Symptoms
Cyanosis (bluish skin, lips, and nails)
Shortness of breath and rapid breathing, especially during feeding or activity
Poor weight gain
Tiring easily during play or exercise
Irritability
Prolonged crying
Heart murmur
Clubbing of fingers and toes (less common in early infancy)
"Tet spells" (sudden episodes of deep cyanosis, often with loss of consciousness)
Causes
The exact cause of Tetralogy of Fallot is often unknown. However, several factors can increase the risk:
Genetic factors: Certain genetic syndromes, such as Down syndrome and DiGeorge syndrome, are associated with a higher risk of TOF.
Maternal factors: Certain maternal conditions during pregnancy, such as rubella (German measles), poor nutrition, alcohol use, certain medications, and advanced maternal age, may increase the risk.
Medicine Used
Medications are primarily used to manage symptoms before surgery or to treat complications after surgery. Common medications include:
Prostaglandin E1 (Alprostadil): Used to keep the ductus arteriosus open in newborns with severe cyanosis, allowing more blood to flow to the lungs before surgery.
Beta-blockers (e.g., Propranolol): Can help reduce the frequency and severity of tet spells by slowing the heart rate and relaxing the right ventricular outflow tract.
Diuretics (e.g., Furosemide): Used to manage fluid overload if heart failure develops.
Antibiotics: Given prophylactically before dental procedures or other invasive procedures to prevent endocarditis (infection of the heart lining).
Is Communicable
No, Tetralogy of Fallot is not communicable. It is a congenital heart defect, meaning it is present at birth and is not caused by an infection or transmitted from person to person.
Precautions
While Tetralogy of Fallot itself isn't preventable in many cases, some precautions can lower the risk:
Prenatal Care: Women should receive proper prenatal care, including vaccinations (especially against rubella) and avoid alcohol and harmful drugs during pregnancy.
Genetic Counseling: Families with a history of heart defects may benefit from genetic counseling.
Healthy Lifestyle: Maintaining a healthy lifestyle during pregnancy, including a balanced diet, can also help.
Preventing Endocarditis: After surgery, patients often need to take antibiotics before dental work or other procedures to prevent endocarditis.
How long does an outbreak last?
Tetralogy of Fallot is not an infectious disease; therefore, it does not have outbreaks.
How is it diagnosed?
Physical Exam: A doctor may suspect TOF based on symptoms like cyanosis and a heart murmur.
Echocardiogram: This is the primary diagnostic tool. It uses sound waves to create an image of the heart's structure and function, showing the VSD, pulmonary stenosis, overriding aorta, and right ventricular hypertrophy.
Electrocardiogram (ECG/EKG): Records the electrical activity of the heart and can show signs of right ventricular hypertrophy.
Chest X-ray: Can show the size and shape of the heart and lungs, sometimes revealing a "boot-shaped" heart, which is characteristic of TOF.
Pulse oximetry: Measures the oxygen saturation in the blood.
Cardiac Catheterization: In some cases, this invasive procedure may be needed to further evaluate the heart's structures and pressures.
Timeline of Symptoms
Infancy: Cyanosis is often present at birth or develops within the first few months of life. Shortness of breath and feeding difficulties may also be noticeable. "Tet spells" can occur.
Childhood: If the defect isn't corrected early, symptoms like fatigue, poor growth, and exercise intolerance become more apparent. Clubbing of fingers and toes can develop over time.
Adulthood: Uncorrected TOF can lead to serious complications like heart failure, arrhythmias, and stroke. Surgical correction typically leads to improved health and lifespan, but ongoing monitoring is still necessary.
Important Considerations
Surgical Repair: Early surgical repair is crucial to improve the quality of life and lifespan of individuals with Tetralogy of Fallot.

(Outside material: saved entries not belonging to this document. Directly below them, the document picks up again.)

(* [eta]-expand, and use that the fresh variable is good by reflection. *)
Lemma reify_Imp Q1 Q2 : wf_form fa ra Q1 ->
  (forall xf, reflects (Fren xf Q1)) -> reifies Q2 -> reifies (Imp Q1 Q2).
Proof.
  intros Hw HR1 HI2 G D M HM.
  assert (HM' := good_term_ren _ _ _ _ _ _ idn S idn (Q1 :: G) D HM (ctx_ren_S _ _) (ctx_ren_id _)).
  rewrite Fren_id in HM'.
  assert (Happ := good_app _ _ _ _ _ _ _ _ HM' (good_var (Q1 :: G) D 0 Q1 (Logic.eq_refl _) HR1)).
  destruct (HI2 _ _ _ Happ) as (N & HN & HE).
  exists (Lam N). split; [now constructor|].
  eapply eq_trans; [apply eq_sym, ax_eta; now apply good_term_typ|].
  apply eq_lam; [exact Hw|]. now rewrite tren_lam_ren.
Qed.

Lemma reflect_Imp Q1 Q2 : reifies Q1 -> reflects Q2 -> reflects (Imp Q1 Q2).
Proof.
  intros HI1 HR2 G D E HE h0 h b T0 Hb Hsp Heq. simpl in HE. apply good_stack_Imp in HE.
  destruct HE as (N & F & HE & HN & HF). destruct E as [E1 e]; simpl in HE, HF; subst E1.
  destruct (HI1 _ _ _ HN) as (N' & HN' & HNE).
  rewrite plug_cons. eapply HR2; eauto.
  - intros P S Hs. apply Hsp. econstructor; eauto.
  - eapply eq_app; eauto.
Qed.

Lemma reify_All Q : reifies Q -> reifies (All Q).
Proof.
  intros HI G D M HM.
  assert (HM' := good_term_ren _ _ _ _ _ _ S idn idn (map shiftF G) (map shiftF D) HM
                   (ctx_ren_shiftF _) (ctx_ren_shiftF _)).
  assert (Hi := good_inst _ _ _ _ _ _ (FVar 0) HM' I).
  rewrite inst0_var0_Fren_upren_S in Hi.
  destruct (HI _ _ _ Hi) as (N & HN & HE).
  exists (FLam N). split; [now constructor|].
  eapply eq_trans; [apply eq_sym, ax_eta_all; now apply good_term_typ|].
  apply eq_flam. now rewrite tren_fo_ren.
Qed.

Lemma reflect_All Q : (forall t, wf_fterm fa t -> reflects (inst0 t Q)) -> reflects (All Q).
Proof.
  intros HR G D E HE h0 h b T0 Hb Hsp Heq. apply good_stack_All in HE.
  destruct HE as (t & F & HE & Ht & HF). destruct E as [E1 e]; simpl in HE, HF; subst E1.
  rewrite plug_cons. eapply HR; eauto.
  - intros P S Hs. apply Hsp. econstructor; eauto.
  - eapply eq_inst; eauto.
Qed.
Definition extensions (S : {set X}) (v : X) : {set colouring} :=
  [set f | supported (v |: S) f && boolp.asbool (nonrep_on S f)].

Lemma supportedP S f : reflect (forall x, x \notin S -> f x = c0) (supported S f).
Proof. by apply: (iffP forall_inP) => fS x /fS => [/eqP|->]. Qed.

Lemma goodP S f :
  reflect ((forall x, x \notin S -> f x = c0) /\ nonrep_on S f) (f \in good S).
Proof.
by rewrite inE; apply: (iffP andP) => -[fS nrS]; split; apply/supportedP || apply/boolp.asboolP.
Qed.

Lemma extensionsP S v f :
  reflect ((forall x, x \notin v |: S -> f x = c0) /\ nonrep_on S f) (f \in extensions S v).
Proof.
by rewrite inE; apply: (iffP andP) => -[fS nrS]; split; apply/supportedP || apply/boolp.asboolP.
Qed.

Lemma nonrep_on_sub S1 S2 f : S1 \subset S2 -> nonrep_on S2 f -> nonrep_on S1 f.
Proof. by move=> /subsetP sub12 nrf b n bS1; apply: nrf => x /bS1 /sub12. Qed.

Lemma eq_nonrep_on S f g : {in S, f =1 g} -> nonrep_on S f -> nonrep_on S g.
Proof.
move=> efg nrf b n bS [n_gt0 sb ub sorted_b rep]; apply: (nrf b n bS); split => //.
have map_eq s : {subset s <= b} -> map f s = map g s.
  by move=> sb'; apply/eq_in_map => x /sb' /bS /efg.
by rewrite !map_eq // => x; [apply: mem_drop | apply: mem_take].
Qed.

Definition restrict (S : {set X}) (f : colouring) : colouring :=
  [ffun x => if x \in S then f x else c0].

Lemma restrict_good S S' f : S' \subset S -> nonrep_on S f -> restrict S' f \in good S'.
Proof.
move=> subS nrf; apply/goodP; split=> [x xNS'|]; first by rewrite ffunE (negbTE xNS').
apply: (eq_nonrep_on (f := f)); last exact: nonrep_on_sub subS nrf.
by move=> x xS'; rewrite ffunE xS'.
Qed.

Lemma good_sub_extensions S v : good (v |: S) \subset extensions S v.
Proof.
apply/subsetP => f /goodP[fS nrf]; apply/extensionsP; split => //.
exact: nonrep_on_sub (subsetUr _ _) nrf.
Qed.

Lifelong Follow-up: Even after successful surgery, patients need lifelong follow-up care with a cardiologist to monitor for potential complications and manage any residual issues.

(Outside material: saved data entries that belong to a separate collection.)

(* Let $h$ be an integer with $1\le h\le u$. If $\beta$ is a root of $S(X)$ of multiplicity at least $2^h$, then for every $j\in\{0,1,\dots,2^h-1\}$ \[ 1+K\big(\eta_{j/2^h}\chi\big)\equiv 0\pmod{2\mathcal{P}\,\mathbb{Z}[\zeta_{2^hk}]}. \]
   Context: Let $p$ be an odd prime, $m\ge1$, $q=p^m$, $\alpha$ a primitive element of $\mathbb{F}_q$, and $T=q-1$; write $T=2^uT'$ with $u\ge1$ and $T'$ odd. The binary SLCE sequence $(s_n)_{n\ge0}$ is defined as follows: $s_n=1$ if $\alpha^n+1$ is a nonzero non-square of $\mathbb{F}_q$, and $s_n=0$ otherwise. Put $S(X)=\sum_{n=0}^{T-1}s_nX^n\in\mathbb{F}_2[X]$. Multiplicities of roots are taken in $\overline{\mathbb{F}_2}[X]$. Let $\beta$ be an element of an algebraic closure of $\mathbb{F}_2$ with $\beta^T=1$ and multiplicative order $k>1$ (so $k$ is odd). Let $f$ be the order of $2$ modulo $k$, and write $\zeta_N=e^{2\pi i/N}$. Let $\mathcal{P}$ be a prime ideal of $\mathbb{Z}[\zeta_k]$ containing $2$. Fix a field isomorphism $\phi:\mathbb{F}_2(\beta)=\mathbb{F}_{2^f}\to\mathbb{Z}[\zeta_k]/\mathcal{P}$, and let $\zeta$ be the unique complex $k$-th root of unity with $\phi(\beta)=\zeta+\mathcal{P}$. Multiplicative characters of $\mathbb{F}_q$ are homomorphisms $\mathbb{F}_q^*\to\mathbb{C}^*$, extended by value $0$ at $0$. For a rational $j$ with $(q-1)j\in\mathbb{Z}$, $\eta_j$ is the character with $\eta_j(\alpha)=e^{2\pi ij}$. Let $\rho=\eta_{1/2}$ be the quadratic character. Let $\chi$ be the character with $\chi(\alpha^n)=\zeta^n$. For a character $\psi$, set $K(\psi)=\sum_{x\in\mathbb{F}_q}\rho(x)\psi(1-x)$. For an ideal $I$ of $\mathbb{Z}[\zeta_k]$, $I\,\mathbb{Z}[\zeta_{2^hk}]$ is the ideal it generates in $\mathbb{Z}[\zeta_{2^hk}]$. *)

From HB Require Import structures.
From mathcomp Require Import all_boot all_order all_algebra all_field.
Set Implicit Arguments. Unset Strict Implicit. Unset Printing Implicit Defensive.
Import Order.TTheory GRing.Theory Num.Theory.
Local Open Scope ring_scope.

(* zeta_N = e^{2 pi i / N} in algC :  N.-root (-1) = e^{i pi / N}
   (the root with minimal nonnegative argument), squared. *)
Definition zetaN (N : nat) : algC := (N.-root (-1)) ^+ 2.

Definition Zcyc (N : nat) (x : algC) : Prop :=
  exists p : {poly int}, x = (map_poly intr p).[zetaN N].

(* x lies in the ideal I Z[zeta_N] generated in Z[zeta_N] by 2 I,
   i.e. x = sum_i 2 * p_i * r_i with p_i in I, r_i in Z[zeta_N]. *)
Definition in_ext_ideal2 (I : algC -> Prop) (N : nat) (x : algC) : Prop :=
  exists rs : seq (algC * algC),
    (forall r, r \in rs -> I r.1 /\ Zcyc N r.2) /\
    x = \sum_(r <- rs) 2 * r.1 * r.2.

(* discrete logarithm base a in F (meaningful for a primitive, x <> 0) *)
Definition dlog (F : finFieldType) (a x : F) : nat :=
  index x (mkseq (fun n => a ^+ n) #|F|.-1).

(* the multiplicative character with value w at the primitive element a,
   extended by 0 at 0 *)
Definition mchar (F : finFieldType) (a : F) (w : algC) (x : F) : algC :=
  if x == 0 then 0 else w ^+ dlog a x.

Definition rho (F : finFieldType) (a : F) : F -> algC := mchar a (-1).

Definition Ksum (F : finFieldType) (a : F) (psi : F -> algC) : algC :=
  \sum_(x : F) rho a x * psi (1 - x).

Definition slce (F : finFieldType) (a : F) (n : nat) : bool :=
  (a ^+ n + 1 != 0) && ~~ [exists y : F, y ^+ 2 == a ^+ n + 1].

(* S(X) = sum_{n<T} s_n X^n, viewed (via F_2 -> L) in L[X] for a field L of
   characteristic 2 *)
Definition Spoly (F : finFieldType) (a : F) (L : fieldType) : {poly L} :=
  \poly_(n < #|F|.-1) ((slce a n)%:R : L).

(* Let om = xi^j zeta be the value at alpha of psi = eta_{j/2^h} chi, and
   M = 2^h.  Substituting x = 1 + alpha^n in K(psi), the quadratic character
   rho(1 + alpha^n) equals 1 - 2 s_n except at n = T/2, so the geometric sum of
   the om^n cancels and 1 + K(psi) = -2 om^(T/2) sum_{s_n = 1} om^n.  Grouping n
   by its residue r mod M gives -2 om^(T/2) sum_r xi^(jr) A_r with
   A_r = sum_{n = r mod M, s_n = 1} zeta^n.  In characteristic 2,
   (X - beta)^M = X^M - beta^M, and multiplication by X^M - c preserves the
   decomposition of a polynomial into residue classes of exponents mod M; hence
   each residue part of S(X) vanishes at beta, i.e. A_r lies in P. *)

From HB Require Import structures.
From mathcomp Require Import all_boot all_order all_algebra all_field.
From mathcomp Require Import ring zify.
Set Implicit Arguments. Unset Strict Implicit. Unset Printing Implicit Defensive.
Import Order.TTheory GRing.Theory Num.Theory.
Local Open Scope ring_scope.

Lemma unity_root_sum_eq0 (R : idomainType) (x : R) e :
  x ^+ e = 1 -> x != 1 -> \sum_(i < e) x ^+ i = 0.
Proof.
move=> xe1 x_neq1; apply/eqP; have := subrX1 x e.
by rewrite xe1 subrr => /esym/eqP; rewrite mulf_eq0 subr_eq0 (negbTE x_neq1).
Qed.

Lemma normC_expr_eqN1 (v : algC) n : (0 < n)%N -> v ^+ n = -1 -> `|v| = 1.
Proof.
move=> n_gt0 vn; apply/eqP; rewrite -(pexpr_eq1 n_gt0) ?normr_ge0 //.
by rewrite -normrX vn normrN normr1.
Qed.

Lemma sqr_normC_1subr (v : algC) : `|v| = 1 -> `|1 - v| ^+ 2 = 2 - 2 * 'Re v.
Proof.
move=> v1; have vv : v * v^* = 1 by rewrite -normCK v1 expr1n.
rewrite normCK rmorphB /= rmorph1 ReE [2 * _]mulrC divfK ?pnatr_eq0 //.
by rewrite mulrBl !mulrBr vv; ring.
Qed.

Lemma Re_le_rootCN1 n (w : algC) : (0 < n)%N -> w ^+ n = -1 ->
  'Re w <= 'Re (n.-root (-1)).
Proof.
move=> n_gt0 wn; case/real_ge0P: (Creal_Im w) => [Im_ge0|Im_lt0].
  exact: rootC_Re_max.
rewrite -Re_conj; apply: rootC_Re_max => //.
  by rewrite -rmorphXn /= wn rmorphN1.
by rewrite Im_conj oppr_ge0 ltW.
Qed.

(* The e-th roots w_t of y satisfy 1 - y = (1 - w_t) S_t with S_t their
   geometric sums; the S_t add up to e, so they cannot all have norm <= 1
   unless they are all 1, which would force all w_t to coincide. *)
Lemma exists_rootC_closer_to1 (y : algC) e : (1 < e)%N -> y != 0 -> y != 1 ->
  exists2 w, w ^+ e = y & `|1 - w| < `|1 - y|.
Proof.
move=> e_gt1 y_neq0 y_neq1; have e_gt0 : (0 < e)%N by apply: ltnW.
have [eps eps_prim] := C_prim_root_exists e_gt0.
pose w (t : 'I_e) := e.-root y * eps ^+ t.
have wE t : w t ^+ e = y.
  by rewrite exprMn rootCK // exprAC (prim_expr_order eps_prim) expr1n mulr1.
pose S t := \sum_(i < e) w t ^+ i.
have factor_1suby t : 1 - y = (1 - w t) * S t.
  by rewrite -[1 - y]opprB -(wE t) subrX1 -mulNr opprB.
have sumS : \sum_t S t = e%:R.
  rewrite exchange_big (bigD1 (Ordinal e_gt0)) //=.
  under eq_bigr do rewrite expr0.
  rewrite sumr_const card_ord big1 ?addr0 // => i i_neq0.
  have i_gt0 : (0 < i)%N.
    by rewrite lt0n; apply: contra i_neq0 => /eqP i0; apply/eqP/val_inj.
  have eps_i_neq1 : eps ^+ i != 1.
    rewrite -(prim_order_dvd eps_prim); apply/negP => /(dvdn_leq i_gt0).
    by rewrite leqNgt ltn_ord.
  under eq_bigr do rewrite exprMn exprAC.
  rewrite -mulr_sumr unity_root_sum_eq0 ?mulr0 //.
  by rewrite exprAC (prim_expr_order eps_prim) expr1n.
have [t St_gt1] : exists t, 1 < `|S t|.
  apply/existsP; apply: contraT => /existsPn S_le1.
  have S1 : forall t, true -> S t = 1.
    apply: (normC_sum_upper (G := fun=> 1)) => [t _|].
      by rewrite real_leNgt ?S_le1 ?real1 ?normr_real.
    by rewrite sumS sumr_const card_ord.
  have wy t : w t = y by apply: (subrI 1); rewrite (factor_1suby t) S1 ?mulr1.
  have root_neq0 : e.-root y != 0 by rewrite rootC_eq0.
  have := wy (Ordinal e_gt1); rewrite -(wy (Ordinal e_gt0)) /w /= expr0 expr1.
  move=> /(mulfI root_neq0) eps1.
  by have := prim_order_dvd eps_prim 1; rewrite expr1 eps1 eqxx dvdn1 gtn_eqF.
exists (w t) => //.
rewrite (factor_1suby t) normrM ltr_pMr // normr_gt0 subr_eq0 eq_sym.
by apply: contraNneq y_neq1 => w1; rewrite -(wE t) w1 expr1n.
Qed.

Lemma prim_expr_half (R : idomainType) (z : R) m :
  (m.*2).-primitive_root z -> z ^+ m = -1.
Proof.
move=> z_prim; have m_gt0 : (0 < m)%N by rewrite -double_gt0 (prim_order_gt0 z_prim).
have /eqP : (z ^+ m) ^+ 2 = 1 by rewrite -exprM muln2 prim_expr_order.
rewrite sqrf_eq1 -(prim_order_dvd z_prim) => /orP[/(dvdn_leq m_gt0)|/eqP //].
by rewrite -addnn -[X in (_ <= X)%N]addn0 leq_add2l leqNgt m_gt0.
Qed.

Lemma normC_1subr_lt (v w : algC) : `|v| = 1 -> `|w| = 1 ->
  (`|1 - w| < `|1 - v|) = ('Re v < 'Re w).
Proof.
move=> v1 w1; rewrite -(ltr_pXn2r (n := 2)) ?nnegrE ?normr_ge0 //.
by rewrite !sqr_normC_1subr // ltrD2l ltrN2 ltr_pM2l ?ltr0n.
Qed.

(* If the order of y = n.-root (-1) were a proper divisor d of 2n, then 2n/d
   would be odd and > 1, and some (2n/d)-th root of y would be a root of
   x^n = -1 closer to 1 than y, contradicting the maximality of 'Re y. *)
Lemma rootCN1_prim n : (0 < n)%N -> (n.*2).-primitive_root (n.-root (-1 : algC)).
Proof.
move=> n_gt0; set y := n.-root (-1 : algC).
have yn : y ^+ n = -1 by rewrite rootCK.
have N1_neq1 : (-1 : algC) != 1 by rewrite lt_eqF // (lt_trans (ltrN10 _) ltr01).
have [d y_prim d_dvd] : {d | d.-primitive_root y & (d %| n.*2)%N}.
  by apply: prim_order_exists; rewrite ?double_gt0 // -addnn exprD yn mulrNN mulr1.
have /dvdnP[e n2E] := d_dvd.
have e_odd : odd e.
  apply: contraNT N1_neq1 => e_even; rewrite -yn -(prim_order_dvd y_prim).
  have -> : n = (e./2 * d)%N.
    apply: double_inj; rewrite n2E doubleMl -{1}[e]odd_double_half.
    by rewrite (negbTE e_even).
  exact: dvdn_mull.
have [e_le1|e_gt1] := leqP e 1.
  have e1 : e = 1%N by case: e e_odd e_le1 {n2E} => [|[|]].
  by rewrite n2E e1 mul1n.
have d_even : d = (d./2).*2.
  have /esym d_odd : false = odd d by rewrite -(odd_double n) n2E oddM e_odd.
  by rewrite -[LHS]odd_double_half d_odd.
have y_neq0 : y != 0 by rewrite (prim_root_eq0 y_prim) -lt0n (prim_order_gt0 y_prim).
have y_neq1 : y != 1 by apply: contra N1_neq1 => /eqP y1; rewrite -yn y1 expr1n.
have [w we w_closer] := exists_rootC_closer_to1 e_gt1 y_neq0 y_neq1.
have wn : w ^+ n = -1.
  rewrite -(@prim_expr_half _ y (d./2)) -?d_even // -we -exprM; congr (_ ^+ _).
  by apply: double_inj; rewrite n2E doubleMr -d_even.
move: w_closer; rewrite normC_1subr_lt ?(normC_expr_eqN1 n_gt0) //.
by move=> /lt_geF; rewrite (Re_le_rootCN1 n_gt0 wn).
Qed.

Lemma zetaN_prim n : (0 < n)%N -> n.-primitive_root (zetaN n).
Proof.
move=> n_gt0; have n_dvd : (n %| n.*2)%N by rewrite -muln2 dvdn_mulr.
by have := dvdn_prim_root (rootCN1_prim n_gt0) n_dvd; rewrite -muln2 mulKn.
Qed.

Section IntegersOfCyclotomicField.
Variable n : nat.

Lemma Zcyc0 : Zcyc n 0.
Proof. by exists 0; rewrite rmorph0 horner0. Qed.

Lemma Zcyc1 : Zcyc n 1.
Proof. by exists 1; rewrite rmorph1 hornerC. Qed.

Lemma Zcyc_add x y : Zcyc n x -> Zcyc n y -> Zcyc n (x + y).
Proof. by move=> [p ->] [q ->]; exists (p + q); rewrite rmorphD hornerD. Qed.

Lemma Zcyc_opp x : Zcyc n x -> Zcyc n (- x).
Proof. by move=> [p ->]; exists (- p); rewrite rmorphN hornerN. Qed.

Lemma Zcyc_mul x y : Zcyc n x -> Zcyc n y -> Zcyc n (x * y).
Proof. by move=> [p ->] [q ->]; exists (p * q); rewrite rmorphM hornerM. Qed.

Lemma Zcyc_exp x m : Zcyc n x -> Zcyc n (x ^+ m).
Proof.
move=> Zx; elim: m => [|m IHm]; first exact: Zcyc1.
by rewrite exprS; apply: Zcyc_mul.
Qed.

Lemma Zcyc_sum (I : Type) (r : seq I) (P : pred I) (f : I -> algC) :
  (forall i, Zcyc n (f i)) -> Zcyc n (\sum_(i <- r | P i) f i).
Proof.
move=> Zf; elim: r => [|i r IHr]; first by rewrite big_nil; apply: Zcyc0.
by rewrite big_cons; case: (P i) => //; apply: Zcyc_add.
Qed.

Lemma Zcyc_unity x : (0 < n)%N -> x ^+ n = 1 -> Zcyc n x.
Proof.
move=> n_gt0 /(prim_rootP (zetaN_prim n_gt0)) [i ->].
by exists 'X^i; rewrite map_polyXn hornerXn.
Qed.

End IntegersOfCyclotomicField.

Lemma Ksum_mcharM (F : finFieldType) (a : F) (w z : algC) :
  Ksum a (fun x => mchar a w x * mchar a z x) = Ksum a (mchar a (w * z)).
Proof.
by apply: eq_bigr => x _; rewrite /mchar; case: eqP; rewrite ?mul0r // exprMn.
Qed.

Section PrimitiveElement.
Variables (F : finFieldType) (a : F).
Hypothesis a_prim : #|F|.-1.-primitive_root a.
Local Notation T := #|F|.-1.

Lemma expr_prim_neq0 n : a ^+ n != 0.
Proof.
by rewrite expf_neq0 // (prim_root_eq0 a_prim) -lt0n (prim_order_gt0 a_prim).
Qed.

Endocarditis Prophylaxis: Patients may need antibiotics before certain dental or surgical procedures to prevent endocarditis.
Exercise and Activity: Discuss appropriate exercise and activity levels with the cardiologist.
Pregnancy: Women with repaired TOF should consult with their cardiologist before becoming pregnant to assess their risk and manage their care during pregnancy.
Psychosocial Support: Support groups and counseling can be helpful for patients and families coping with the challenges of living with a congenital heart defect.